-- Opening Marker --

End L2_pythagoras.

Section Borel_rV.
Variables (R : realType) (n : nat).
Implicit Types (D : set (Rn R n)) (W : 'M[R]_n).

Lemma measurable_coord D (i : 'I_n) :
  measurable_fun D (fun x : Rn R n => (x : 'rV[R]_n) 0 i).
Proof.
apply: (measurable_funS measurableT (@subsetT _ D)).
apply: (@measurability _ _ _ R _ _ _ (RGenOpens.measurableE R)).
move=> _ [_ [a [b ->]] <-]; apply: measurableI => //.
apply: sub_sigma_algebra.
by move/continuousP: (@coord_continuous R 1 n 0 i); apply; exact: interval_open.
Qed.

Lemma measurable_linear_form D (c : 'cV[R]_n) :
  measurable_fun D (fun x : Rn R n => ((x : 'rV[R]_n) *m c) 0 0).
Proof.
under eq_fun => x do rewrite mxE.
apply: measurable_sum => i; apply: measurable_funM; first exact: measurable_coord.
exact: measurable_cst.
Qed.

Lemma measurable_subsp W : measurable (subsp W).
Proof.
have mul_col (x : 'rV[R]_n) j : (x *m col j (cokermx W)) 0 0 = (x *m cokermx W) 0 j.
  by rewrite !mxE; apply: eq_bigr => k _; rewrite mxE.
have -> : subsp W = \bigcap_(j in [set: 'I_n])
    ((fun x : Rn R n => ((x : 'rV[R]_n) *m col j (cokermx W)) 0 0) @^-1` [set 0]).
  apply/seteqP; split => x /=; rewrite /subsp /= submxE.
    by move=> /eqP xW0 j _ /=; rewrite mul_col xW0 mxE.
  move=> xW0; apply/eqP/rowP => j; rewrite -mul_col [RHS]mxE; exact: xW0.
apply: fin_bigcap_measurable => [|j _]; first exact: finite_finset.
by rewrite -[X in measurable X]setTI; apply: measurable_linear_form.
Qed.

End Borel_rV.

Section dotv.
Variables (R : realType) (n : nat).
Implicit Types u v x : 'rV[R]_n.

Lemma dotvE u v : dotv u v = (v *m u^T) 0 0.
Proof. by rewrite mxE; apply: eq_bigr => i _; rewrite mxE mulrC. Qed.

Lemma dotv_ge0 x : 0 <= dotv x x.
Proof. by apply: sumr_ge0 => i _; rewrite -expr2 sqr_ge0. Qed.

Lemma sqr_coord_le_dotv x i : x 0 i ^+ 2 <= dotv x x.
Proof.
rewrite /dotv (bigD1 i) //= -expr2 lerDl.
by apply: sumr_ge0 => j _; rewrite -expr2 sqr_ge0.
Qed.

End dotv.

-- Closing Marker --

All records shown above are to be given again verbatim.

End L2_pythagoras.

Section Borel_rV.
Variables (R : realType) (n : nat).
Implicit Types (D : set (Rn R n)) (W : 'M[R]_n).

Lemma measurable_coord D (i : 'I_n) :
  measurable_fun D (fun x : Rn R n => (x : 'rV[R]_n) 0 i).
Proof.
apply: (measurable_funS measurableT (@subsetT _ D)).
apply: (@measurability _ _ _ R _ _ _ (RGenOpens.measurableE R)).
move=> _ [_ [a [b ->]] <-]; apply: measurableI => //.
apply: sub_sigma_algebra.
by move/continuousP: (@coord_continuous R 1 n 0 i); apply; exact: interval_open.
Qed.

Lemma measurable_linear_form D (c : 'cV[R]_n) :
  measurable_fun D (fun x : Rn R n => ((x : 'rV[R]_n) *m c) 0 0).
Proof.
under eq_fun => x do rewrite mxE.
apply: measurable_sum => i; apply: measurable_funM; first exact: measurable_coord.
exact: measurable_cst.
Qed.

Lemma measurable_subsp W : measurable (subsp W).
Proof.
have mul_col (x : 'rV[R]_n) j : (x *m col j (cokermx W)) 0 0 = (x *m cokermx W) 0 j.
  by rewrite !mxE; apply: eq_bigr => k _; rewrite mxE.
have -> : subsp W = \bigcap_(j in [set: 'I_n])
    ((fun x : Rn R n => ((x : 'rV[R]_n) *m col j (cokermx W)) 0 0) @^-1` [set 0]).
  apply/seteqP; split => x /=; rewrite /subsp /= submxE.
    by move=> /eqP xW0 j _ /=; rewrite mul_col xW0 mxE.
  move=> xW0; apply/eqP/rowP => j; rewrite -mul_col [RHS]mxE; exact: xW0.
apply: fin_bigcap_measurable => [|j _]; first exact: finite_finset.
by rewrite -[X in measurable X]setTI; apply: measurable_linear_form.
Qed.

End Borel_rV.

Section dotv.
Variables (R : realType) (n : nat).
Implicit Types u v x : 'rV[R]_n.

Lemma dotvE u v : dotv u v = (v *m u^T) 0 0.
Proof. by rewrite mxE; apply: eq_bigr => i _; rewrite mxE mulrC. Qed.

Lemma dotv_ge0 x : 0 <= dotv x x.
Proof. by apply: sumr_ge0 => i _; rewrite -expr2 sqr_ge0. Qed.

Lemma sqr_coord_le_dotv x i : x 0 i ^+ 2 <= dotv x x.
Proof.
rewrite /dotv (bigD1 i) //= -expr2 lerDl.
by apply: sumr_ge0 => j _; rewrite -expr2 sqr_ge0.
Qed.

End dotv.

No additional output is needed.